If you comment out the "from future", all three annotations dicts on the three methods are set just fine. But with the "from future" turned on, none of them work. They all fail at evaluation time (when we call the annotation function), on looking up a1 | a2 | a3.

larryhastings commented 3 years ago

(I'm writing these entries as a sort of stream-of-consciousness blog on solving the problem. Not sure it will be helpful to anybody but me.)

Solving this does mean more resource use, similarly to the way I added support for closures.

The original concept for 649, and the working title for the PEP for a long time, was "Deferred Evaluation Of Annotations Using Code Objects". The original idea--which was Mark Shannon's brilliant insight--was to store the code that generated the annotation dict as an unbound code object. PEP 649 still supports that. But at the last minute I amended the user-visible interface so it supported setting a (bound) function object too, as that's a much better API for the Python programmer. I'm certainly glad I did, because closures require runtime data--namely the freevars array--and therefore bound functions. Adding support for closures was actually pretty easy; there was already a function in compile.c that created the bound function for you, and since setting __co_annotation__ to a bound function already worked, it all worked first try.

Supporting access to class variables also requires runtime data, in this case the class dict. So again I'm going to have to early-bind these annotation functions. Also, I'll have to add another pointer to the function object: a reference to the enclosing class's namespace dict. Then the frame object will need to load this dict into f_locals before executing the function.

(If making the function object larger is a big concern, we could probably hide the reference to the class dict inside the function's __dict__. That trades "making every function object one pointer larger" with "methods with annotations that refer to class variables add a small dict". For now I'll do it the straightforward way, and we can optimize for space down the road if need be.)

I do want to preserve the the small space & cpu optimization of lazy-binding the function where possible. Either by a) setting a flag every time there's a LOADNAME operation (annotation functions won't ever STORE or DELETE_), or by b) iterating over the opcodes after assembly looking for LOAD_NAME. If no LOAD_NAME opcodes were emitted, this annotation function doesn't refer to any class variables, and we can lazy-bind this function.

larryhastings commented 3 years ago

LOAD_CLASSDEREF doesn't solve our problem here, it's doing something else. Here's what it does.

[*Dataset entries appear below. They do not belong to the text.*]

(* Under the standing assumptions below, suppose there exists $m_1\in M$ such that $\phi\left(\left[\begin{smallmatrix} 1 & m_1\\ 0 & 0\end{smallmatrix}\right]\right)$ is a type 2 idempotent of $T'$. Then (a) $\phi$ maps every idempotent of the form $\left[\begin{smallmatrix} 1 & m\\ 0 & 0\end{smallmatrix}\right]$ ($m\in M$) to a type 2 idempotent; and (b) there exist a fixed element $a'_2\in M'$ and a map $v_2:M\to N'$ such that $\phi\left(\left[\begin{smallmatrix} 1 & m\\ 0 & 0\end{smallmatrix}\right]\right)=\left[\begin{smallmatrix} 0 & a'_2\\ v_2(m) & 1\end{smallmatrix}\right]$ for all $m\in M$.
   Context: All rings have an identity $1\neq 0$. Standing assumptions: $R,S,R',S'$ are rings whose only idempotents are $0$ and $1$; $M$ is an $R$-$S$-bimodule, $N$ an $S$-$R$-bimodule, $M'$ an $R'$-$S'$-bimodule, $N'$ an $S'$-$R'$-bimodule; $T=\left[\begin{smallmatrix} R & M\\ N & S\end{smallmatrix}\right]$ and $T'=\left[\begin{smallmatrix} R' & M'\\ N' & S'\end{smallmatrix}\right]$ are the Morita context rings with both Morita maps zero, i.e. the sets of formal matrices with entrywise addition and product $\left[\begin{smallmatrix} r & m\\ n & s\end{smallmatrix}\right]\left[\begin{smallmatrix} r' & m'\\ n' & s'\end{smallmatrix}\right]=\left[\begin{smallmatrix} rr' & rm'+ms'\\ nr'+sn' & ss'\end{smallmatrix}\right]$; and $\phi:T\to T'$ is a ring isomorphism. Under these assumptions every idempotent of $T$ (or $T'$) other than $0$ and $1$ has one of the forms $\left[\begin{smallmatrix} 1 & m\\ n & 0\end{smallmatrix}\right]$ (called a type 1 idempotent) or $\left[\begin{smallmatrix} 0 & m\\ n & 1\end{smallmatrix}\right]$ (called a type 2 idempotent). *)

From HB Require Import structures.
From mathcomp Require Import all_boot all_algebra.
Set Implicit Arguments. Unset Strict Implicit. Unset Printing Implicit Defensive.
Import GRing.Theory.
Local Open Scope ring_scope.

Definition only_trivial_idem (R : nzRingType) : Prop :=
  forall r : R, r * r = r -> r = 0 \/ r = 1.

Definition is_bimod (R S : nzRingType) (M : zmodType)
  (l : R -> M -> M) (r : M -> S -> M) : Prop :=
  (forall a m1 m2, l a (m1 + m2) = l a m1 + l a m2) /\
  (forall a b m, l (a + b) m = l a m + l b m) /\
  (forall a b m, l (a * b) m = l a (l b m)) /\
  (forall m, l 1 m = m) /\
  (forall m1 m2 s, r (m1 + m2) s = r m1 s + r m2 s) /\
  (forall m s t, r m (s + t) = r m s + r m t) /\
  (forall m s t, r m (s * t) = r (r m s) t) /\
  (forall m, r m 1 = m) /\
  (forall a m s, r (l a m) s = l a (r m s)).

(* Elements of the Morita context ring [[R, M], [N, S]] (zero Morita maps). *)
Record mctx (R S : nzRingType) (M N : zmodType) := MCtx {
  m11 : R; m12 : M; m21 : N; m22 : S }.

Section MoritaOps.
Variables (R S : nzRingType) (M N : zmodType).
Variables (lM : R -> M -> M) (rM : M -> S -> M).
Variables (lN : S -> N -> N) (rN : N -> R -> N).

Definition mctx_add (x y : mctx R S M N) : mctx R S M N :=
  MCtx (m11 x + m11 y) (m12 x + m12 y) (m21 x + m21 y) (m22 x + m22 y).

(* [[r,m],[n,s]] [[r',m'],[n',s']]
   = [[r r', r m' + m s'], [n r' + s n', s s']] *)
Definition mctx_mul (x y : mctx R S M N) : mctx R S M N :=
  MCtx (m11 x * m11 y)
       (lM (m11 x) (m12 y) + rM (m12 x) (m22 y))
       (rN (m21 x) (m11 y) + lN (m22 x) (m21 y))
       (m22 x * m22 y).

Definition mctx_one : mctx R S M N := MCtx 1 0 0 1.

Definition mctx_idem (x : mctx R S M N) : Prop := mctx_mul x x = x.

Definition type2_idem (x : mctx R S M N) : Prop :=
  mctx_idem x /\ exists (m : M) (n : N), x = MCtx 0 m n 1.

Definition type1_idem (x : mctx R S M N) : Prop :=
  mctx_idem x /\ exists (m : M) (n : N), x = MCtx 1 m n 0.
End MoritaOps.

Definition mctx_ring_iso
  (R S : nzRingType) (M N : zmodType)
  (lM : R -> M -> M) (rM : M -> S -> M) (lN : S -> N -> N) (rN : N -> R -> N)
  (R' S' : nzRingType) (M' N' : zmodType)
  (lM' : R' -> M' -> M') (rM' : M' -> S' -> M')
  (lN' : S' -> N' -> N') (rN' : N' -> R' -> N')
  (phi : mctx R S M N -> mctx R' S' M' N') : Prop :=
  bijective phi /\
  (forall x y, phi (mctx_add x y) = mctx_add (phi x) (phi y)) /\
  (forall x y, phi (mctx_mul lM rM lN rN x y)
               = mctx_mul lM' rM' lN' rN' (phi x) (phi y)) /\
  phi (mctx_one R S M N) = mctx_one R' S' M' N'.

From HB Require Import structures.
From mathcomp Require Import all_boot all_algebra.
Local Open Scope ring_scope.
Import GRing.Theory.
Set Implicit Arguments.
Unset Strict Implicit.

(* Write e(m) for the matrix [[1, m], [0, 0]] of the
   Morita context ring T.  These elements satisfy e(m) e(m') = e(m') for all
   m, m' : M, so they are idempotents generating one and the same principal
   right ideal of T.  A multiplicative map phi transports these relations:
   x := phi(e(m)) and y := phi(e(m1)) satisfy x y = y and y x = x.  In T', if
   y = [[0, a], [n, 1]] is a type 2 idempotent, then the relation y x = x
   forces the (1,1)-entry of x to be 0, after which x y = y forces its
   (1,2)-entry to be a and its (2,2)-entry to be 1.  Hence every phi(e(m))
   is the idempotent [[0, a], [v(m), 1]] with the fixed a and v(m) its
   (2,1)-entry. *)

Section BimoduleFacts.
Variables (R S : nzRingType) (M : zmodType) (l : R -> M -> M) (r : M -> S -> M).
Hypothesis hM : is_bimod l r.

Lemma bimod_l_act0 (a : R) : l a 0 = 0.
Proof.
case: hM => addl _; apply: (@addrI _ (l a 0)).
by rewrite addr0 -addl addr0.
Qed.

Lemma bimod_l_0act (m : M) : l 0 m = 0.
Proof.
case: hM => _ [addl _]; apply: (@addrI _ (l 0 m)).
by rewrite addr0 -addl addr0.
Qed.

Lemma bimod_r_act0 (m : M) : r m 0 = 0.
Proof.
case: hM => _ [_ [_ [_ [_ [addr _]]]]]; apply: (@addrI _ (r m 0)).
by rewrite addr0 -addr addr0.
Qed.

Lemma bimod_r_0act (s : S) : r 0 s = 0.
Proof.
case: hM => _ [_ [_ [_ [addr _]]]]; apply: (@addrI _ (r 0 s)).
by rewrite addr0 -addr addr0.
Qed.

Lemma bimod_l_1act (m : M) : l 1 m = m.
Proof. by case: hM => _ [_ [_ [unit_l _]]]. Qed.

Lemma bimod_r_1act (m : M) : r m 1 = m.
Proof. by case: hM => _ [_ [_ [_ [_ [_ [_ [unit_r _]]]]]]]. Qed.

End BimoduleFacts.

Section MoritaContext.
Variables (R S : nzRingType) (M N : zmodType).
Variables (lM : R -> M -> M) (rM : M -> S -> M).
Variables (lN : S -> N -> N) (rN : N -> R -> N).

Local Notation mul := (mctx_mul lM rM lN rN).

Lemma corner_idem_mul (hM : is_bimod lM rM) (hN : is_bimod lN rN) (m m' : M) :
  mul (MCtx 1 m (0 : N) (0 : S)) (MCtx 1 m' 0 0) = MCtx 1 m' 0 0.
Proof.
rewrite /mctx_mul /= mulr1 mulr0 (bimod_l_1act hM) (bimod_r_act0 hM).
by rewrite (bimod_r_0act hN) (bimod_l_act0 hN) !addr0.
Qed.

Lemma same_right_ideal_type2 (hM : is_bimod lM rM) (x : mctx R S M N)
    (a : M) (n : N) :
  mul x (MCtx 0 a n 1) = MCtx 0 a n 1 -> mul (MCtx 0 a n 1) x = x ->
  x = MCtx 0 a (m21 x) 1.
Proof.
case: x => r b c s; rewrite /mctx_mul /= => [[_ eq12 _ eq22] [eq11 _ _ _]].
rewrite mul0r in eq11; rewrite mulr1 in eq22.
rewrite -eq11 (bimod_l_0act hM) add0r (bimod_r_1act hM) in eq12.
by rewrite -eq11 eq12 eq22.
Qed.

End MoritaContext.

Theorem lemma4p1
  (R S R' S' : nzRingType) (M N M' N' : zmodType)
  (lM : R -> M -> M) (rM : M -> S -> M) (lN : S -> N -> N) (rN : N -> R -> N)
  (lM' : R' -> M' -> M') (rM' : M' -> S' -> M')
  (lN' : S' -> N' -> N') (rN' : N' -> R' -> N')
  (hR : only_trivial_idem R) (hS : only_trivial_idem S)
  (hR' : only_trivial_idem R') (hS' : only_trivial_idem S')
  (hM : is_bimod lM rM) (hN : is_bimod lN rN)
  (hM' : is_bimod lM' rM') (hN' : is_bimod lN' rN')
  (phi : mctx R S M N -> mctx R' S' M' N')
  (hphi : mctx_ring_iso lM rM lN rN lM' rM' lN' rN' phi)
  (hm1 : exists m1 : M,
     type2_idem lM' rM' lN' rN' (phi (MCtx 1 m1 (0 : N) (0 : S)))) :
  (forall m : M, type2_idem lM' rM' lN' rN' (phi (MCtx 1 m (0 : N) (0 : S)))) /\
  (exists (a2 : M') (v2 : M -> N'),
     forall m : M, phi (MCtx 1 m (0 : N) (0 : S)) = MCtx 0 a2 (v2 m) 1).
Proof.
case: hphi => _ [_ [phi_mul _]].
case: hm1 => m1 [_ [a2 [n2 phi_e1]]].
pose e (m : M) := MCtx (1 : R) m (0 : N) (0 : S).
pose v2 (m : M) := m21 (phi (e m)).
have phi_e m : phi (e m) = MCtx 0 a2 (v2 m) 1.
  rewrite /v2.
  apply: (same_right_ideal_type2 (lN := lN') (rN := rN') (n := n2) hM');
    by rewrite -phi_e1 -phi_mul corner_idem_mul.
have phi_e_idem m : mctx_idem lM' rM' lN' rN' (phi (e m)).
  by rewrite /mctx_idem -phi_mul corner_idem_mul.
split; last by exists a2, v2.
by move=> m; split; [exact: phi_e_idem | exists a2, (v2 m); exact: phi_e].
Qed.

LOAD_CLASSDEREF takes a crazy double-duty oparg, computed as follows:

oparg = len(co_cellvars) + name_index

name_index is the index into the co_freevars array for the name of the variable we want to load. At runtime it computes the index then uses that to find the name as follows:

idx = oparg - PyTuple_GET_SIZE(co->co_freevars);
name = PyTuple_GET_ITEM(co->co_freevars, idx);

Then it attempts to look up "name" in f_locals. If it's finds a mapping for name, it increfs that value and returns it.

If no such mapping exists, it examines freevars[oparg] (not idx!), and if that's set it increfs that value and returns it.

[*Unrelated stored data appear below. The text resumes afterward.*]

(* Let $\Theta_n^{(\eta)}$ and $\Theta_n^{(f)}$ be sets of real functions on the covariate space, where every $f\in\Theta_n^{(f)}$ satisfies $\|f\|_\infty\le N_n$ for a number $N_n>0$, and let $\Theta_n=\Theta_n^{(\eta)}\times\Theta_n^{(f)}$, whose elements $(\eta,f)$ are identified with the conditional densities $\mathcal{P}_{\eta,V}$, $V=e^f$. Then, for every $\epsilon>0$, $$\log N(3\epsilon,\Theta_n,d_n)\lesssim\log N(\epsilon/e^{N_n},\Theta_n^{(\eta)},\|\cdot\|_n)+\log N(\epsilon,\Theta_n^{(f)},\|\cdot\|_n),$$ where the constant implicit in $\lesssim$ does not depend on $\epsilon$ or $n$.
   Context: Let $Q$ be a probability measure on the covariate space $[0,1]^d$ (either the covariate distribution or the empirical measure of fixed design points). For functions $\eta$ and $V>0$ let $\mathcal{P}_{\eta,V}(y\mid x)=(2\pi V(x))^{-1/2}\exp(-(y-\eta(x))^2/(2V(x)))$, and let $d_n^2(\mathcal{P}_{\eta_1,V_1},\mathcal{P}_{\eta_2,V_2})=\int\!\!\int(\mathcal{P}_{\eta_1,V_1}^{1/2}-\mathcal{P}_{\eta_2,V_2}^{1/2})^2\,dy\,dQ(x)$. $\|\cdot\|_n$ denotes the norm of $L_2(Q)$ and $\|\cdot\|_\infty$ the supremum norm. $N(\epsilon,S,\rho)$ is the $\epsilon$-covering number of $S$ with respect to $\rho$ (minimal number of $\rho$-balls of radius $\epsilon$ covering $S$). *)

From HB Require Import structures.
From mathcomp Require Import all_boot all_order all_algebra.
From mathcomp Require Import all_classical all_reals all_analysis.
Set Implicit Arguments. Unset Strict Implicit. Unset Printing Implicit Defensive.
Import Order.TTheory GRing.Theory Num.Theory.
Local Open Scope classical_set_scope.
Local Open Scope ring_scope.
(* Let $(A,P)$ be a complete filtered Rota--Baxter algebra of weight zero over a field $\mathbb{K}$ of characteristic zero, and let $a\in A_1$. Let $\chi_0:A_1\to A_1$ be the weight zero BCH-recursion, i.e. the map determined by $$\chi_0(a)=-\frac{\mathrm{ad}\,P(\chi_0(a))}{1-e^{\mathrm{ad}\,P(\chi_0(a))}}(a)=\sum_{n\ge0}\frac{B_n}{n!}\big(\mathrm{ad}\,P(\chi_0(a))\big)^n(a),$$ where $B_n$ are the Bernoulli numbers ($B_0=1$, $B_1=-1/2$, $B_2=1/6,\dots$) and $\mathrm{ad}\,u(v)=uv-vu$. Then: (1) the equation $x=1-P(x\,a)$ has the unique solution $x=\exp\big(-P(\chi_0(a))\big)$; (2) the equation $y=1+P(a\,y)$ has the unique solution $y=\exp\big(P(\chi_0(a))\big)$.
   Context: A Rota--Baxter algebra of weight zero is an associative algebra $A$ with a linear map $P$ satisfying $P(x)P(y)=P(xP(y))+P(P(x)y)$ for all $x,y\in A$. A complete filtered Rota--Baxter algebra is one with a decreasing filtration $A=A_0\supseteq A_1\supseteq\cdots$ by ideals $A_n$ with $P(A_n)\subseteq A_n$, $A_mA_n\subseteq A_{m+n}$, and $A\cong\varprojlim A/A_n$. The map $\chi_0$ is the unique map $A_1\to A_1$ satisfying the displayed equation (determined inductively with respect to the filtration). *)

From HB Require Import structures.
From mathcomp Require Import all_boot all_order all_algebra.
Set Implicit Arguments. Unset Strict Implicit. Unset Printing Implicit Defensive.
Import Order.TTheory GRing.Theory Num.Theory.
Local Open Scope ring_scope.

(* Bernoulli numbers (convention B_1 = -1/2), via the standard recurrence
   B_0 = 1,  B_n = -1/(n+1) * sum_{k<n} C(n+1,k) B_k. *)
Fixpoint bern_list (n : nat) : seq rat :=
  match n with
  | 0 => [:: 1]
  | n'.+1 => let l := bern_list n' in
      rcons l (- (n'.+2%:R)^-1 * \sum_(k < n'.+1) ('C(n'.+2, k))%:R * l`_k)
  end.
Definition bernoulli (n : nat) : rat := (bern_list n)`_n.

Section Filtered.
Variables (K : fieldType) (A : algType K).

(* The filtration A = A_0 ⊇ A_1 ⊇ ... is given by predicates F n. *)

Definition is_ideal (I : A -> Prop) : Prop :=
  [/\ I 0, (forall x y, I x -> I y -> I (x + y)),
      (forall (k : K) x, I x -> I (k *: x)),
      (forall x y, I y -> I (x * y)) & (forall x y, I x -> I (x * y))].

Definition fconverges (F : nat -> A -> Prop) (s : nat -> A) (L : A) : Prop :=
  forall n, exists N, forall m, (N <= m)%N -> F n (L - s m).

Definition fseries (F : nat -> A -> Prop) (u : nat -> A) (L : A) : Prop :=
  fconverges F (fun N => \sum_(k < N) u k) L.

(* Completeness A ≅ lim A/A_n : the canonical map is injective (separated)
   and surjective (every compatible sequence, i.e. s (n+1) ≡ s n mod A_n,
   lifts to an element L with L ≡ s n mod A_n for all n). *)
Definition complete_filtered_RB0 (F : nat -> A -> Prop) (P : A -> A) : Prop :=
  [/\
      (forall x y, P x * P y = P (x * P y) + P (P x * y)),
      [/\ (forall x, F 0 x), (forall n x, F n.+1 x -> F n x) &
          (forall n, is_ideal (F n))],
      (forall n x, F n x -> F n (P x)),
      (forall m n x y, F m x -> F n y -> F (m + n) (x * y)) &
      [/\ (forall x, (forall n, F n x) -> x = 0) &
          (forall s : nat -> A, (forall n, F n (s n.+1 - s n)) ->
             exists L, forall n, F n (L - s n))]].
(* For rows of circles, [inversive] below is the inversive product, which is
   [cos theta] in (-1, 1) for two circles crossing at angle [theta].  The ACC
   relation turns it into [2 u.v - (sum u)(sum v)] for the rows [u], [v] of
   super-Apollonian matrices producing the two circles, and these matrices are
   integral with odd row sums, so it is an odd integer.  Hence, for rows [x1],
   [x2] of two circles of the super-packing and a suitable sign [s], the row
   [x1 + s x2] has nonpositive inversive norm; such a row vanishes as soon as
   its equation has two distinct roots, so two circles meeting in two points
   coincide. *)

Local Notation o0 := (@Ordinal 4 0 isT).
Local Notation o1 := (@Ordinal 4 1 isT).
Local Notation o2 := (@Ordinal 4 2 isT).
Local Notation o3 := (@Ordinal 4 3 isT).

Ltac case_ord4 i := case: i => -[|[|[|[|//]]]] ?.

Lemma sum_ord4 (V : nmodType) (F : 'I_4 -> V) :
  \sum_(k < 4) F k = F o0 + F o1 + F o2 + F o3.
Proof.
rewrite !big_ord_recr big_ord0 /= add0r.
by congr (F _ + F _ + F _ + F _); apply: val_inj.
Qed.

Lemma eq_iff_scaled_eq0 (R : idomainType) (k X Y E : R) :
  k != 0 -> E = k * (X - Y) -> (X = Y <-> E = 0).
Proof.
move=> k_neq0 ->; split=> [->|/eqP]; first by rewrite subrr mulr0.
by rewrite mulf_eq0 (negbTE k_neq0) subr_eq0 => /eqP.
Qed.

Lemma sqr_add_le0 (R : realDomainType) (u v : R) : u ^+ 2 + v ^+ 2 <= 0 -> u = 0 /\ v = 0.
Proof.
move=> uv_le0; have /andP[u2 v2] : (u ^+ 2 == 0) && (v ^+ 2 == 0).
  by rewrite -paddr_eq0 ?sqr_ge0 // eq_le uv_le0 addr_ge0 ?sqr_ge0.
by split; apply/eqP; rewrite -sqrf_eq0.
Qed.

Section OddIntegers.
Variable R : archiRealFieldType.
Implicit Types x y : R.

Definition odd_int x : bool := (x - 1) / 2 \is a Num.int.

Lemma odd_intP x :
  reflect (exists2 k, k \is a Num.int & x = 2 * k + 1) (odd_int x).
Proof.
apply: (iffP idP) => [xodd|[k kint ->]]; last by rewrite /odd_int mulrC addrK mulKf ?pnatr_eq0.
by exists ((x - 1) / 2) => //; field.
Qed.

Lemma odd_intN x : odd_int x -> odd_int (- x).
Proof.
case/odd_intP=> k kint ->; apply/odd_intP; exists (- k - 1).
  by rewrite rpredB ?rpredN ?rpred1.
ring.
Qed.

Lemma odd_intM x y : odd_int x -> odd_int y -> odd_int (x * y).
Proof.
case/odd_intP=> k kint ->; case/odd_intP=> l lint ->; apply/odd_intP.
exists (2 * k * l + k + l); last by ring.
by rewrite !rpredD ?rpredM // natr_int.
Qed.

Lemma odd_intD_even x y : odd_int x -> y \is a Num.int -> odd_int (x + 2 * y).
Proof.
case/odd_intP=> k kint -> yint; apply/odd_intP; exists (k + y); last by ring.
exact: rpredD.
Qed.

Lemma odd_int_sign x : odd_int x -> exists s : R, s ^+ 2 = 1 /\ 1 + s * x <= 0.
Proof.
case/odd_intP=> k kint ->; have [k_ge0|k_lt0] := leP 0 k.
  by exists (-1); split; [rewrite sqrrN expr1n | lra].
have : 1 <= `|k| by rewrite norm_intr_ge1 // lt_eqF.
by rewrite ltr0_norm // => k_le; exists 1; split; [rewrite expr1n | lra].
Qed.

End OddIntegers.

Section OddRowSums.
Variables (R : archiRealFieldType) (n : nat).

Definition int_mx_odd_rows (M : 'M[R]_n) : Prop :=
  (forall i j, M i j \is a Num.int) /\ forall i, odd_int (\sum_j M i j).

Lemma int_mx_odd_rows1 : int_mx_odd_rows 1%:M.
Proof.
split=> [i j|i]; first by rewrite mxE natr_int.
rewrite (bigD1 i) //= big1 => [|j /negbTE ji]; last by rewrite mxE eq_sym ji.
by rewrite !mxE eqxx addr0; apply/odd_intP; exists 0; rewrite ?rpred0 // mulr0 add0r.
Qed.

Lemma int_mx_odd_rows_mul M N :
  int_mx_odd_rows M -> int_mx_odd_rows N -> int_mx_odd_rows (M *m N).
Proof.
move=> [Mint Modd] [Nint Nodd]; split=> [i j|i].
  by rewrite mxE rpred_sum // => k _; rewrite rpredM.
pose c k := ((\sum_j N k j) - 1) / 2.
have -> : \sum_j (M *m N) i j = \sum_k M i k + 2 * \sum_k M i k * c k.
  rewrite mulr_sumr -big_split /=; under eq_bigr do rewrite mxE.
  rewrite exchange_big /=; apply: eq_bigr => k _.
  by rewrite -mulr_sumr /c; field.
by apply: odd_intD_even => //; apply: rpred_sum => k _; exact: rpredM (Mint i k) (Nodd k).
Qed.

End OddRowSums.

Section SuperApollonianParity.
Variable R : realType.

Lemma S_gen_involutive i : S_gen R i *m S_gen R i = 1%:M.
Proof.
apply/matrixP => a b; rewrite !mxE sum_ord4 !mxE.
by case_ord4 i; case_ord4 a; case_ord4 b; rewrite /=; ring.
Qed.

Lemma invmx_S_gen i : invmx (S_gen R i) = S_gen R i.
Proof.
have [Sunit _] := mulmx1_unit (S_gen_involutive i).
by rewrite -[RHS](mulKmx Sunit) S_gen_involutive mulmx1.
Qed.

Lemma invmx_trS_gen i : invmx (S_gen R i)^T = (S_gen R i)^T.
Proof. by rewrite -trmx_inv invmx_S_gen. Qed.

Lemma S_gen_int i j k : S_gen R i j k \is a Num.int.
Proof. by rewrite mxE; do 2?case: ifP => _; rewrite ?rpredN ?int_num1 ?natr_int. Qed.

Lemma S_gen_row_sum i j : \sum_k S_gen R i j k = if j == i then 5 else 1.
Proof.
by rewrite sum_ord4 !mxE; case_ord4 i; case_ord4 j; rewrite /=; ring.
Qed.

I don't claim to understand what problem it's solving, or how this is a solution for that problem. Of course, I'm sure that's all fine. It's just that that opcode doesn't help solve our problem. Our problem is getting a reference to that class dict as I've expounded about above. LOAD_NAME will work fine for us once we have that dict available.

larryhastings commented 3 years ago

I have an answer! AnnotationBlock should not have ste_nested set, because we want the compiler to generate NAME access for GLOBAL_IMPLICIT, not GLOBAL. That's how accessing class variables is gonna work. I'm pretty sure!

larryhastings commented 3 years ago

As of ddd974a669791690034fa9cba4c9a335823b0c1f, annotations on methods (functions defined inside a class) can now see class-local names.